Retour des zombies sur la Croisette après ceux, il y a trois ans, de Jarmusch et de son The Dead Don’t Die qui se moquait par là même du Trumpisme. C’est cette fois-ci Michel Hazanavicius qui s’y colle par le biais de Coupez !, un remake improbable et, somme tout, audacieux d’une comédie japonaise culte One Cut of the Dead – Ne coupez pas, réalisée en 2017 par Shin’ichirô Ueda.

Remake d’un film de zombies japonais populaire

Romain Duris incarne Rémi, un réalisateur dont la réputation d’être abordable lui a valu de travailler régulièrement pour des publicités, des séries dramatiques et des reconstitutions de crimes. Son producteur Mounir (Lyès Salem) lui propose un nouveau projet pour la sortie d’une nouvelle plateforme de streaming : le remake d’un film de zombies japonais populaire, diffusé en direct à la télévision et tourné en plan séquence.

Coupez ! est un film carrément malicieux par la structure même qui le compose. Le premier film du genre série Z, qui se révélera plus tard en abyme, consiste donc en un véritable plan séquence d’une trentaine de minutes. Il joue déjà, à la base, de l’immersion dans les coulisses d’un tournage de film de zombies sur lequel de véritables morts vivants finiraient par se manifester.

On se moque facilement là de ce qui parait être un film raté, extrêmement mal joué et où tout déraille. Un scénario où on ne comprend en plus pas toujours grand-chose. C’est d’ailleurs là que réside le défi du spectateur… tenir, résister, et ne pas succomber à l’envie de rebrousser chemin. Et c’est là que s’ouvre un autre chapitre, lui-même séparé en deux, qui nous projette en arrière vers un récit encadrant permettant d’expliquer à la fois la production et les conditions du tournage de ce fameux plan-séquence.

Plusieurs niveaux spatiaux et métaphoriques

La satire du milieu (producteur cynique, acteur arrogant, désorganisation générale) fonctionne plutôt sympathiquement, mais c’est surtout le tournage lui-même qui s’avérera véritablement jubilatoire, puisqu’il permettra de donner toutes les explications aux manquements du premier film visionné.

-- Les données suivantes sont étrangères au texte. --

(* Let $(X,\tau)$ be a nonempty regular topological space without isolated points whose underlying set $X$ is countable. There is a coloring $c:[X]^2\to2$ such that every infinite $c$-homogeneous subset of $X$ is nowhere dense in $(X,\tau)$. Consequently the ideal $nwd(X,\tau)$ of nowhere dense subsets of $(X,\tau)$ (viewed as a family of subsets of $\mathbb{N}$ via a fixed bijection $X\cong\mathbb{N}$) has a Borel selector.
   Context: A set $h$ is $c$-homogeneous if $c$ is constant on $[h]^2$. A Borel selector for a tall family $\mathcal{C}\subseteq2^{\mathbb{N}}$ is a Borel $S:2^{\mathbb{N}}\to2^{\mathbb{N}}$ with $S(x)\subseteq x$, $S(x)\in\mathcal{C}$, and $S(x)$ infinite whenever $x$ is infinite. *)

From Stdlib Require Import Arith List.

Set Implicit Arguments.

Definition is_topology (X : Type) (open : (X -> Prop) -> Prop) : Prop :=
  open (fun _ => True) /\
  open (fun _ => False) /\
  (forall U V, open U -> open V -> open (fun x => U x /\ V x)) /\
  (forall F : (X -> Prop) -> Prop,
      (forall U, F U -> open U) -> open (fun x => exists U, F U /\ U x)).

Definition is_closed (X : Type) (open : (X -> Prop) -> Prop) (F : X -> Prop) :=
  open (fun x => ~ F x).

Definition closure (X : Type) (open : (X -> Prop) -> Prop) (A : X -> Prop) :
  X -> Prop :=
  fun x => forall U, open U -> U x -> exists y, U y /\ A y.

Definition nowhere_dense (X : Type) (open : (X -> Prop) -> Prop) (A : X -> Prop) :=
  forall U, open U -> (forall x, U x -> closure open A x) -> forall x, ~ U x.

Tout prend sens alors… c’est la même histoire qui se répète mais vue des coulisses en quelques sortes. Et là, difficile de résister aux éclats de rires naturels. Le récit se déploie alors sur plusieurs niveaux spatiaux et métaphoriques. Il investit les hors-champs pour nous donner une vue plus large et se ponctue des interventions verbales et musicales absolument hilarantes de Jean-Pascal Zadi, qui joue le rôle du compositeur musical complètement perdu par la situation (tout en étant plutôt très bon finalement dans sa performance !).

Tout n’est évidemment pas léger, et on pourra certainement reprocher l’excès qui flirte avec la farce grotesque bien souvent. Mais l’essentiel est évidemment ailleurs : en donnant accès aux coulisses, Hazanavicius s’offre un véritable hymne au cinéma ou, encore mieux, une déclaration d’amour, là où on ne l’attend pas.

Il prend plaisir à nous dévoiler la fourmilière qui se met en marche derrière les caméras, emballé dans le mécanisme extraordinaire de l’illusion. C’est un hommage aux gens qui fabriquent des films, les acteurs, les réalisateurs, mais aussi les techniciens, les stagiaires, tout le monde. Un hommage au cinéma en train de se faire, au métier du cinéma, au quotidien.

Coupez ! est également une touchante chronique familiale sur l’écran mais aussi dans la vraie vie puisque Michel Hazanavicius s’est entouré pendant le tournage en faisant jouer à la fois sa femme, Bérénice Béjo, et sa fille, Simone Hazanavicius, autour de Romain Duris qui incarne la figure paternelle jouant un réalisateur, sorte d’alter égo du cinéaste français.